DC network vs. vSwitches and Network Team vs. Virtualisation Team
Judging by blog posts I’ve seen of late, one of the questions in the minds of “cloud builders” today is “who owns and is responsible for the soft switch, the one that resides in hypervisor hosts?”
So far I’ve seen no clear-cut answer. This blog post is my take on it in light of network virtualisation.
For the purpose of this post, we are talking about a Data Centre that mainly hosts infrastructure dedicated to delivery of “typical” IaaS for traditional, “old world” Enterprise applications. As in, a bunch of servers running some sort of hypervisors, some storage (SAN or NAS), and the usual assortment of load balancers, firewalls, IPS/IDS, etc.. It can be an Enterprise’s own private cloud, or a service provider’s facility.
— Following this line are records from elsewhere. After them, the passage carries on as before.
Lemma conf_le_of_excess r x y :
  0 < r -> excess r (x + y) <= excess r x + excess r y -> conf_le x (x + y).
Proof.
move=> r0 le_xy; apply/conf_leP; rewrite [x + y - x]addrC addKr; apply/eqP; rewrite eq_le norm1D andbT.
rewrite -(ler_int rat) intrD -!/(norm1q _) -(ler_pM2l r0).
by move: le_xy; rewrite /excess gainD; lra.
Qed.
End Excess.

Lemma bounded_nat_choice (T : Type) (t0 : T) (P : nat -> T -> Prop) k :
  (forall i, (i < k)%N -> exists t, P i t) ->
  exists f : nat -> T, forall i, (i < k)%N -> P i (f i).
Proof.
elim: k => [|k IH] exP; first by exists (fun=> t0).
have [f Pf] := IH (fun i lt_ik => exP i (ltnW lt_ik)).
have [t Pt] := exP k (ltnSn k).
exists (fun i => if i == k then t else f i) => i.
rewrite ltnS leq_eqVlt; case/orP=> [/eqP->|lt_ik]; first by rewrite eqxx.
by rewrite ltn_eqF //; exact: Pf.
Qed.

Section SteepestDescent.
Variables (d n : nat) (A : 'M[int]_(d, n)) (b : 'cV[int]_d) (u c : 'cV[int]_n).
Local Notation feasible := (ilp_feasible A b u).
Implicit Types (x y z g w : 'cV[int]_n).

Lemma ilp_feasible_ker x w : feasible x -> feasible (x + w) -> A *m w = 0.
Proof. by move=> [Ax _] [+ _]; rewrite mulmxDr Ax -{2}[b]addr0 => /addrI. Qed.

Lemma graver_dominates x w :
  feasible x -> w != 0 -> A *m w = 0 -> feasible (x + w) ->
  exists g, graver_elt A g /\ feasible (x + g) /\ gratio c w <= gratio c g.
Proof.
move=> xF; elim/norm1_ind: w => w IH w0 Aw xwF.
have [g gG gw] := graver_le Aw w0; have [Ag [g0 _]] := gG.
have xgF := ilp_feasible_conf_le xF xwF Ag gw.
have [<-|gNw] := eqVneq g w; first by exists g.
set h := w - g.
have hw : conf_le h w := conf_le_subr gw.
have Ah : A *m h = 0 by rewrite mulmxBr Aw Ag subrr.
have h0 : h != 0 by rewrite subr_eq0 eq_sym.
have lt_hw : norm1 h < norm1 w by move/conf_leP: gw => <-; rewrite ltrDr norm1_gt0.
have xhF := ilp_feasible_conf_le xF xwF Ah hw.
have ghw : conf_le g (g + h) by rewrite /h subrKC.
have := excess_conf_le c (gratio c w) ghw; rewrite /h subrKC excess_gratio => split_w.
have [ge|gl] := lerP 0 (excess c (gratio c w) g).
  by exists g; rewrite -excess_ge0.
have [g' [g'G [xg'F le_hg']]] := IH h lt_hw h0 Ah xhF.
exists g'; do 2 split=> //; apply: le_trans le_hg'.
by rewrite -excess_ge0 //; lra.
Qed.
The two types of DC network connectivity
The way I see it, there are two major types of network connectivity present within a DC that hosts virtualised infrastructure:
- “Transport”, which provides connectivity for the infrastructure itself, like vkernel/vMotion, hypervisor storage connectivity, management, and so on; and
- “Service”, which forms part of individual VMs or vApps, connecting them between themselves or to their end users outside the DC.
How these two types are provisioned and managed are very different.
The former is managed as a part of a planned activity and changes rarely; while the later is born to be messed with – to be dynamically created, managed and destroyed by automation tools.
It’s not a problem if a transport service has to cross equipment from different manufacturers – it is quite feasible to build it by hand, and automation helps, but is not critical. The later kind is trickier, of course, and automation here is a must due to the “cloud promise” – elastic, on demand.
So, who’s your daddy, and what does he do?
The characteristics of transport services align them well with the world of a typical network team: they are planned, designed, configured, and then fed and groomed till their time comes to an end.
But now, here come the services of the second kind, and the trouble begins. Because vSwitch is a key part of majority of these types of service, there are three major possible scenarios here:
- Control over vSwitches is handed over to the Network Team. They now have to (a) automate service management across their traditional domains (switches/routers); plus (b) accommodate new, additional domain (vSwitches). In a word – pain.
- Virtualisation team looks after vSwitches. Network Team are not in a very good position either: they still have to automate service management across their traditional domain to keep up with the “cloud pace”, but additionally they now have to prevent virtualisation guys from shooting themselves in the foot. Double the pain points.
- Network is virtualised. The “traditional” DC network provides “Transport” connectivity for an overlay “Service” network, with end-points on vSwitches which sit in hypervisor hosts and in network edge devices. Overlay network is controlled by the virtualisation guys and there’s nothing new to do for the Network Team.
The Third Scenario
So, we’re back to “digging tunnels”. VXLAN is one example; if I understand correctly what Nicira is doing, their Network Hypervisor is another. (This blog post is not a comparison between these two, however probably worth noting that as far as I know, Nicira’s solution has upper hand here with not needing IP multicast in the transport network and apparently having an actual implementation in a physical switch, made by one of their partners, coming very soon).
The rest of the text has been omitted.